[DIRECTIONS] The required output is the whole listing below, unchanged.

[DATA FOR ANALYSIS]
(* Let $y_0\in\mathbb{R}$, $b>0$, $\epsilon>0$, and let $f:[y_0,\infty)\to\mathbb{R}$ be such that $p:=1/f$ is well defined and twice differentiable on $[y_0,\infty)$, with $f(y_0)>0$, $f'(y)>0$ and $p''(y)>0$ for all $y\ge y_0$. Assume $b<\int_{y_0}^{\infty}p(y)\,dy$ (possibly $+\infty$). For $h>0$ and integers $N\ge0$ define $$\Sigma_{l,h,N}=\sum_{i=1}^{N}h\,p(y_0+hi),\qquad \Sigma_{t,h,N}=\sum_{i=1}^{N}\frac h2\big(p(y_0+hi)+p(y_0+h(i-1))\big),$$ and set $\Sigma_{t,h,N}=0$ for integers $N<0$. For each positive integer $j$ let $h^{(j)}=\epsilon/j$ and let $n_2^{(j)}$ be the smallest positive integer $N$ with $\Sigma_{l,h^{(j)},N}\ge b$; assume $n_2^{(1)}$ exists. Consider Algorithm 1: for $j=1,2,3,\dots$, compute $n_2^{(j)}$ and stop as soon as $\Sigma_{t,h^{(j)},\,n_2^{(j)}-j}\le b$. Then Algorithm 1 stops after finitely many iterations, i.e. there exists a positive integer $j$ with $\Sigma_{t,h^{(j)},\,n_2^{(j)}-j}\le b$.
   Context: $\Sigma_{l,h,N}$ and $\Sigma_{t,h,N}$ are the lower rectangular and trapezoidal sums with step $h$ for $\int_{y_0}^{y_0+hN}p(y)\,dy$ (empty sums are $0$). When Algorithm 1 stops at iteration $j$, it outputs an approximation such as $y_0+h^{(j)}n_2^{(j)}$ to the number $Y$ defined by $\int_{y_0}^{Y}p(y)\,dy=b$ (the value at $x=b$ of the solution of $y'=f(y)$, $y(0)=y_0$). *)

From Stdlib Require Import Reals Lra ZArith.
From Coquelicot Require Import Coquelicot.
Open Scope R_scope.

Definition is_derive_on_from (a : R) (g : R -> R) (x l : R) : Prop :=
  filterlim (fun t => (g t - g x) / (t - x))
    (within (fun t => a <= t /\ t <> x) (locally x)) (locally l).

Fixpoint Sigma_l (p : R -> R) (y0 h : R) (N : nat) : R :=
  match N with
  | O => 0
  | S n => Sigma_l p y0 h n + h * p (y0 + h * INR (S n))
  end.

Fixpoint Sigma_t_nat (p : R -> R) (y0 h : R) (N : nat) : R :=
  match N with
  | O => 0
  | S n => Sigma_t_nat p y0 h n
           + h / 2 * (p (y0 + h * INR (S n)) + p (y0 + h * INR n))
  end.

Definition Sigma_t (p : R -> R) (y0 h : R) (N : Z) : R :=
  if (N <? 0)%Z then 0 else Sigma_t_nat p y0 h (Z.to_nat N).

[OUTPUT]
(* Let $y_0\in\mathbb{R}$, $b>0$, $\epsilon>0$, and let $f:[y_0,\infty)\to\mathbb{R}$ be such that $p:=1/f$ is well defined and twice differentiable on $[y_0,\infty)$, with $f(y_0)>0$, $f'(y)>0$ and $p''(y)>0$ for all $y\ge y_0$. Assume $b<\int_{y_0}^{\infty}p(y)\,dy$ (possibly $+\infty$). For $h>0$ and integers $N\ge0$ define $$\Sigma_{l,h,N}=\sum_{i=1}^{N}h\,p(y_0+hi),\qquad \Sigma_{t,h,N}=\sum_{i=1}^{N}\frac h2\big(p(y_0+hi)+p(y_0+h(i-1))\big),$$ and set $\Sigma_{t,h,N}=0$ for integers $N<0$. For each positive integer $j$ let $h^{(j)}=\epsilon/j$ and let $n_2^{(j)}$ be the smallest positive integer $N$ with $\Sigma_{l,h^{(j)},N}\ge b$; assume $n_2^{(1)}$ exists. Consider Algorithm 1: for $j=1,2,3,\dots$, compute $n_2^{(j)}$ and stop as soon as $\Sigma_{t,h^{(j)},\,n_2^{(j)}-j}\le b$. Then Algorithm 1 stops after finitely many iterations, i.e. there exists a positive integer $j$ with $\Sigma_{t,h^{(j)},\,n_2^{(j)}-j}\le b$.
   Context: $\Sigma_{l,h,N}$ and $\Sigma_{t,h,N}$ are the lower rectangular and trapezoidal sums with step $h$ for $\int_{y_0}^{y_0+hN}p(y)\,dy$ (empty sums are $0$). When Algorithm 1 stops at iteration $j$, it outputs an approximation such as $y_0+h^{(j)}n_2^{(j)}$ to the number $Y$ defined by $\int_{y_0}^{Y}p(y)\,dy=b$ (the value at $x=b$ of the solution of $y'=f(y)$, $y(0)=y_0$). *)

From Stdlib Require Import Reals Lra ZArith.
From Coquelicot Require Import Coquelicot.
Open Scope R_scope.

Definition is_derive_on_from (a : R) (g : R -> R) (x l : R) : Prop :=
  filterlim (fun t => (g t - g x) / (t - x))
    (within (fun t => a <= t /\ t <> x) (locally x)) (locally l).

Fixpoint Sigma_l (p : R -> R) (y0 h : R) (N : nat) : R :=
  match N with
  | O => 0
  | S n => Sigma_l p y0 h n + h * p (y0 + h * INR (S n))
  end.

Fixpoint Sigma_t_nat (p : R -> R) (y0 h : R) (N : nat) : R :=
  match N with
  | O => 0
  | S n => Sigma_t_nat p y0 h n
           + h / 2 * (p (y0 + h * INR (S n)) + p (y0 + h * INR n))
  end.

Definition Sigma_t (p : R -> R) (y0 h : R) (N : Z) : R :=
  if (N <? 0)%Z then 0 else Sigma_t_nat p y0 h (Z.to_nat N).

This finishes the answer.